● **WORK ORDER**
Copy exactly the lines of the data below that run from the line holding "Definition wsum (N" through the line holding "(* Entrywise, [M]", both ends included.

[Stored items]
(* Suppose $x\in X\subseteq\{1,\dots,n\}$ and $\delta$ is invertible in $R$. Then the left $\mathcal P_n$-module $\mathcal A_{X,x}$ is a direct summand of $\mathcal P_n/J_{X-\{x\}}$.
   Context: $R$ is a commutative ring, $\delta\in R$, and $\mathcal P_n=\mathcal P_n(R,\delta)$ is the partition algebra: the free $R$-module on set partitions (''diagrams'') of $\{-n,\dots,-1,1,\dots,n\}$ (negative = left nodes, positive = right nodes), with product by stacking, taking the induced partition on outer nodes, and multiplying by $\delta$ for each component consisting only of middle nodes. For $Z\subseteq\{1,\dots,n\}$, $J_Z$ is the left ideal spanned by diagrams in which among the right nodes labelled by $Z$ there is a singleton block or two distinct nodes in the same block. $A_x$ is the left submodule spanned by diagrams in which the right node $x$ is a singleton, and $\mathcal A_{X,x}=A_x/(A_x\cap J_{X-\{x\}})$, a submodule of $\mathcal P_n/J_{X-\{x\}}$. *)

From HB Require Import structures.
From mathcomp Require Import all_boot all_algebra.
Set Implicit Arguments. Unset Strict Implicit. Unset Printing Implicit Defensive.
Import GRing.Theory.
Local Open Scope ring_scope.

(* Nodes of a partition diagram on {-n..-1,1..n}:
   (false, i) is the left node -(i+1), (true, i) is the right node i+1. *)
Definition node (n : nat) := (bool * 'I_n)%type.

Definition diagram (n : nat) :=
  {P : {set {set node n}} | partition P [set: node n]}.

(* Stacking a (left) on d (right): three layers of nodes,
   Some false = left nodes of a, None = middle (right of a = left of d),
   Some true = right nodes of d. *)
Definition lay (n : nat) := (option bool * 'I_n)%type.
(* Let $R$ be a left and right Noetherian ring and $A\in\operatorname{mod}R$. Then for every Gorenstein projective module $H\in\operatorname{mod}R^{op}$ and every transpose $\operatorname{Tr}A$ of $A$, the module $H\oplus\operatorname{Tr}A$ is a Gorenstein transpose of $A$.
   Context: $\operatorname{mod}R$ (resp. $\operatorname{mod}R^{op}$) is the category of finitely generated left (resp. right) $R$-modules, and $(-)^*=\operatorname{Hom}(-,R)$. A module is Gorenstein projective if it is isomorphic to $\operatorname{Im}(P_0\to P^0)$ for some exact complex $\cdots\to P_1\to P_0\to P^0\to P^1\to\cdots$ of projective modules that stays exact under $\operatorname{Hom}(-,P)$ for every projective $P$. A transpose of $A\in\operatorname{mod}R$ is $\operatorname{Coker}(f^*:P_0^*\to P_1^* )$ for some exact sequence $P_1\xrightarrow{f}P_0\to A\to0$ in $\operatorname{mod}R$ with $P_0,P_1$ projective. A Gorenstein transpose of $A$ is $\operatorname{Coker}(g^*:X_0^*\to X_1^* )$ for some exact sequence $X_1\xrightarrow{g}X_0\to A\to 0$ in $\operatorname{mod}R$ with $X_0,X_1$ Gorenstein projective. *)

(* Modules over a (possibly non-commutative) ring R:
   left R-modules  = lmodType R,
   right R-modules = lmodType R^c (R^c = converse ring; the right action
                     m.r is written (r : R^c) *: m).
   The ring R regarded as a left module over itself is R^o (regular). *)
From HB Require Import structures.
From mathcomp Require Import all_boot all_order all_algebra.
Set Implicit Arguments. Unset Strict Implicit. Unset Printing Implicit Defensive.
Import GRing.Theory.
Local Open Scope ring_scope.

Definition fin_gen (S : pzRingType) (M : lmodType S) : Prop :=
  exists (n : nat) (s : 'I_n -> M),
    forall m : M, exists c : 'I_n -> S, m = \sum_(i < n) c i *: s i.

Definition surj (S : pzRingType) (M N : lmodType S) (g : {linear M -> N}) : Prop :=
  forall y : N, exists x : M, g x = y.

Definition exact_at (S : pzRingType) (M N K : lmodType S)
  (g : {linear M -> N}) (h : {linear N -> K}) : Prop :=
  forall y : N, h y = 0 <-> exists x : M, g x = y.

Definition projective (S : pzRingType) (P : lmodType S) : Prop :=
  fin_gen P /\
  forall (M N : lmodType S) (g : {linear M -> N}) (f : {linear P -> N}),
    surj g -> exists h : {linear P -> M}, forall p : P, g (h p) = f p.

(* G is Gorenstein projective: G is isomorphic to Im (d 0 : P 0 -> P 1) for an
   exact Z-indexed complex (P i, d i : P i -> P (i+1)) of projective modules
   which stays exact under Hom(-, Q) for every projective Q. *)
Definition gorenstein_projective (S : pzRingType) (G : lmodType S) : Prop :=
  exists (P : int -> lmodType S) (d : forall i : int, {linear P i -> P (i + 1)}),
    [/\ (forall i, projective (P i)),
        (forall i, exact_at (d i) (d (i + 1))),
        (forall (Q : lmodType S), projective Q ->
           forall (i : int) (phi : {linear P (i + 1) -> Q}),
             (forall x, phi (d i x) = 0) ->
             exists psi : {linear P (i + 1 + 1) -> Q},
               forall y, phi y = psi (d (i + 1) y)) &
        (exists e : {linear G -> P (0 + 1)},
          injective e /\ (forall y, (exists g, e g = y) <-> (exists x, d 0 x = y)))].
(* Let $N, S \ge 1$, let $\overline{C}_1,\dots,\overline{C}_S \in \mathbb{R}^{N\times N}$ be symmetric matrices, and let $h \in \Sigma_N$. Define $D_h = \mathrm{diag}(h)$ and the matrix $M \in \mathbb{R}^{S\times S}$ by $M_{pq} = \langle D_h \overline{C}_p, \overline{C}_q D_h\rangle_F$. Then $M$ is positive semi-definite, so $\|x\|_M := \sqrt{x^\top M x}$ defines a (pseudo-)norm on $\mathbb{R}^S$ and $d_M(x,y)=\|x-y\|_M$ a Mahalanobis (pseudo-)distance. Moreover, for any $w^{(1)}, w^{(2)} \in \Sigma_S$, $$GW_2\Big(\sum_{s=1}^S w^{(1)}_s \overline{C}_s,\ \sum_{s=1}^S w^{(2)}_s \overline{C}_s,\ h,\ h\Big) \le \|w^{(1)} - w^{(2)}\|_M .$$
   Context: $\Sigma_N = \{h \in \mathbb{R}_+^N : \sum_i h_i = 1\}$. For $h^X\in\Sigma_{N^X}$, $h^Y\in\Sigma_{N^Y}$, $\mathcal{U}(h^X,h^Y) = \{T \in \mathbb{R}_+^{N^X\times N^Y} : T\mathbf{1}_{N^Y} = h^X,\ T^\top \mathbf{1}_{N^X} = h^Y\}$. For matrices $C^X \in \mathbb{R}^{N^X\times N^X}$, $C^Y\in\mathbb{R}^{N^Y\times N^Y}$, the Gromov–Wasserstein distance is $GW_2(C^X,C^Y,h^X,h^Y) = \big(\min_{T\in\mathcal{U}(h^X,h^Y)} \sum_{i,j,k,l} (C^X_{ij} - C^Y_{kl})^2 T_{ik}T_{jl}\big)^{1/2}$. $\langle A,B\rangle_F = \mathrm{tr}(A^\top B)$. *)

From HB Require Import structures.
From mathcomp Require Import all_boot all_order all_algebra.
From mathcomp Require Import boolp classical_sets reals.
Set Implicit Arguments. Unset Strict Implicit. Unset Printing Implicit Defensive.
Import Order.TTheory GRing.Theory Num.Theory.
Local Open Scope ring_scope.
Local Open Scope classical_set_scope.

Section Defs.
Variable R : realType.

Definition simplex (N : nat) (h : 'rV[R]_N) : Prop :=
  (forall i, 0 <= h 0 i) /\ \sum_i h 0 i = 1.

Definition coupling (NX NY : nat) (hX : 'rV[R]_NX) (hY : 'rV[R]_NY)
  (T : 'M[R]_(NX, NY)) : Prop :=
  [/\ forall i k, 0 <= T i k,
      forall i, \sum_k T i k = hX 0 i
    & forall k, \sum_i T i k = hY 0 k].

Definition gw_cost (NX NY : nat) (CX : 'M[R]_NX) (CY : 'M[R]_NY)
  (T : 'M[R]_(NX, NY)) : R :=
  \sum_i \sum_j \sum_k \sum_l (CX i j - CY k l) ^+ 2 * T i k * T j l.

(* GW_2 = (min over couplings of the cost)^(1/2); the minimum is written as an
   infimum (it is attained, the coupling polytope being compact) *)
Definition GW2 (NX NY : nat) (CX : 'M[R]_NX) (CY : 'M[R]_NY)
  (hX : 'rV[R]_NX) (hY : 'rV[R]_NY) : R :=
  Num.sqrt (inf [set c | exists T, coupling hX hY T /\ c = gw_cost CX CY T]).

Definition frob (m n : nat) (A B : 'M[R]_(m, n)) : R := \tr (A^T *m B).

Definition Mmat (N S : nat) (C : 'I_S -> 'M[R]_N) (h : 'rV[R]_N) : 'M[R]_S :=
  \matrix_(p, q) frob (diag_mx h *m C p) (C q *m diag_mx h).

Definition qform (S : nat) (M : 'M[R]_S) (x : 'rV[R]_S) : R :=
  (x *m M *m x^T) 0 0.

Definition Mnorm (S : nat) (M : 'M[R]_S) (x : 'rV[R]_S) : R :=
  Num.sqrt (qform M x).

Definition wsum (N S : nat) (C : 'I_S -> 'M[R]_N) (w : 'rV[R]_S) : 'M[R]_N :=
  \sum_s w 0 s *: C s.

End Defs.

From mathcomp Require Import all_boot all_order all_algebra.
From mathcomp Require Import reals.
From mathcomp Require Import ring.
Import Order.TTheory GRing.Theory Num.Theory.
Local Open Scope ring_scope.

(* Entrywise, [M] is the Gram matrix of the [C s] for the inner product
   <A, B> = sum_ij h_i h_j A_ij B_ij, so x^T M x = sum_ij h_i h_j (sum_s x_s C_s)_ij^2
   is nonnegative.  The identity plan diag(h) couples h with itself, and its
   GW cost between W1 = sum_s w1_s C_s and W2 = sum_s w2_s C_s is exactly
   sum_ij h_i h_j (W1 - W2)_ij^2 = (w1 - w2)^T M (w1 - w2); GW_2^2 being an
   infimum over couplings, it is at most this value. *)

Lemma sum_mulr_diag_mx (R : pzRingType) (N : nat) (h : 'rV[R]_N) (F : 'I_N -> R) i :
  \sum_k F k * diag_mx h i k = F i * h 0 i.
Proof.
rewrite (bigD1 i) //= big1 ?addr0; first by rewrite mxE eqxx mulr1n.
by move=> k /negbTE ne; rewrite mxE eq_sym ne mulr0n mulr0.
Qed.

Section GW.
Variable R : realType.

Lemma diag_mx_coupling (N : nat) (h : 'rV[R]_N) :
  (forall i, 0 <= h 0 i) -> coupling h h (diag_mx h).
Proof.
move=> h_ge0; split.
- by move=> i k; rewrite mxE mulrn_wge0.
- move=> i; under eq_bigr do rewrite -[diag_mx h _ _]mul1r.
  by rewrite sum_mulr_diag_mx mul1r.
- move=> k; under eq_bigr do
    rewrite -[diag_mx h _ _]mul1r -[in X in _ * X]tr_diag_mx mxE.
  by rewrite sum_mulr_diag_mx mul1r.
Qed.

Lemma gw_cost_ge0 (NX NY : nat) (CX : 'M[R]_NX) (CY : 'M[R]_NY) (T : 'M[R]_(NX, NY)) :
  (forall i k, 0 <= T i k) -> 0 <= gw_cost CX CY T.
Proof.
move=> T_ge0; apply: sumr_ge0 => i _; apply: sumr_ge0 => j _.
apply: sumr_ge0 => k _; apply: sumr_ge0 => l _.
by rewrite mulr_ge0 ?T_ge0 // mulr_ge0 ?sqr_ge0 ?T_ge0.
Qed.

Lemma GW2_le_sqrt_gw_cost (NX NY : nat) (CX : 'M[R]_NX) (CY : 'M[R]_NY)
    (hX : 'rV[R]_NX) (hY : 'rV[R]_NY) (T : 'M[R]_(NX, NY)) :
  coupling hX hY T -> GW2 CX CY hX hY <= Num.sqrt (gw_cost CX CY T).
Proof.
move=> cT; rewrite ler_sqrt; last by case: cT => T_ge0 _ _; exact: gw_cost_ge0.
apply: ge_inf; last by exists T.
by exists 0 => _ [T' [[T'_ge0 _ _] ->]]; exact: gw_cost_ge0.
Qed.

Lemma gw_cost_diag_mx (N : nat) (CX CY : 'M[R]_N) (h : 'rV[R]_N) :
  gw_cost CX CY (diag_mx h) =
  \sum_i \sum_j h 0 i * h 0 j * (CX i j - CY i j) ^+ 2.
Proof.
apply: eq_bigr => i _; apply: eq_bigr => j _.
under eq_bigr do rewrite sum_mulr_diag_mx.
by rewrite -mulr_suml sum_mulr_diag_mx; ring.
Qed.

Lemma qformE (S : nat) (M : 'M[R]_S) (x : 'rV[R]_S) :
  qform M x = \sum_p \sum_q x 0 p * x 0 q * M p q.
Proof.
rewrite /qform mxE.
under eq_bigr do rewrite [(x *m _) _ _]mxE [x^T _ _]mxE mulr_suml.
by rewrite exchange_big; apply: eq_bigr => p _; apply: eq_bigr => q _ /=; ring.
Qed.

Section Mmat.
Variables (N S : nat) (C : 'I_S -> 'M[R]_N) (h : 'rV[R]_N).

Lemma wsumE (w : 'rV[R]_S) i j :
  wsum C w i j = \sum_s w 0 s * C s i j.
Proof. by rewrite summxE; apply: eq_bigr => s _; rewrite mxE. Qed.

Lemma wsumB (w1 w2 : 'rV[R]_S) :
  wsum C (w1 - w2) = wsum C w1 - wsum C w2.
Proof.
by rewrite /wsum -sumrB; apply: eq_bigr => s _; rewrite !mxE scalerBl.
Qed.

Lemma MmatE p q :
  Mmat C h p q = \sum_i \sum_j h 0 i * h 0 j * (C p i j * C q i j).
Proof.
rewrite mxE /frob /mxtrace mul_diag_mx mul_mx_diag.
under eq_bigr do rewrite mxE.
rewrite exchange_big; apply: eq_bigr => i _; apply: eq_bigr => j _.
by rewrite !mxE; ring.
Qed.

Lemma qform_Mmat (x : 'rV[R]_S) :
  qform (Mmat C h) x = \sum_i \sum_j h 0 i * h 0 j * wsum C x i j ^+ 2.
Proof.
rewrite qformE.
transitivity (\sum_p \sum_q \sum_i \sum_j
                h 0 i * h 0 j * ((x 0 p * C p i j) * (x 0 q * C q i j))).
  apply: eq_bigr => p _; apply: eq_bigr => q _; rewrite MmatE mulr_sumr.
  apply: eq_bigr => i _; rewrite mulr_sumr; apply: eq_bigr => j _; ring.
under eq_bigr do rewrite exchange_big.
under eq_bigr do under eq_bigr do rewrite exchange_big.
rewrite exchange_big; under eq_bigr do rewrite exchange_big.
apply: eq_bigr => i _; apply: eq_bigr => j _.
rewrite wsumE expr2 big_distrlr mulr_sumr; apply: eq_bigr => p _.
by rewrite mulr_sumr.
Qed.

Lemma qform_Mmat_ge0 (x : 'rV[R]_S) :
  (forall i, 0 <= h 0 i) -> 0 <= qform (Mmat C h) x.
Proof.
move=> h_ge0; rewrite qform_Mmat; apply: sumr_ge0 => i _; apply: sumr_ge0 => j _.
by rewrite mulr_ge0 ?sqr_ge0 ?mulr_ge0.
Qed.

Lemma gw_cost_wsum_diag_mx (w1 w2 : 'rV[R]_S) :
  gw_cost (wsum C w1) (wsum C w2) (diag_mx h) = qform (Mmat C h) (w1 - w2).
Proof.
rewrite gw_cost_diag_mx qform_Mmat wsumB.
by apply: eq_bigr => i _; apply: eq_bigr => j _; rewrite !mxE.
Qed.

End Mmat.

End GW.

Theorem proposition1 (R : realType) (N S : nat) (hN : (0 < N)%N) (hS : (0 < S)%N)
  (C : 'I_S -> 'M[R]_N) (hsym : forall s, (C s)^T = C s)
  (h : 'rV[R]_N) (hh : simplex h) :
  (forall x : 'rV[R]_S, 0 <= qform (Mmat C h) x) /\
  (forall w1 w2 : 'rV[R]_S, simplex w1 -> simplex w2 ->
     GW2 (wsum C w1) (wsum C w2) h h <= Mnorm (Mmat C h) (w1 - w2)).
Proof.
have [h_ge0 _] := hh.
split=> [x|w1 w2 _ _]; first exact: qform_Mmat_ge0.
rewrite /Mnorm -gw_cost_wsum_diag_mx.
exact/GW2_le_sqrt_gw_cost/diag_mx_coupling.
Qed.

● **WRITTEN SOLUTION**
Definition wsum (N S : nat) (C : 'I_S -> 'M[R]_N) (w : 'rV[R]_S) : 'M[R]_N :=
  \sum_s w 0 s *: C s.

End Defs.

From mathcomp Require Import all_boot all_order all_algebra.
From mathcomp Require Import reals.
From mathcomp Require Import ring.
Import Order.TTheory GRing.Theory Num.Theory.
Local Open Scope ring_scope.

(* Entrywise, [M] is the Gram matrix of the [C s] for the inner product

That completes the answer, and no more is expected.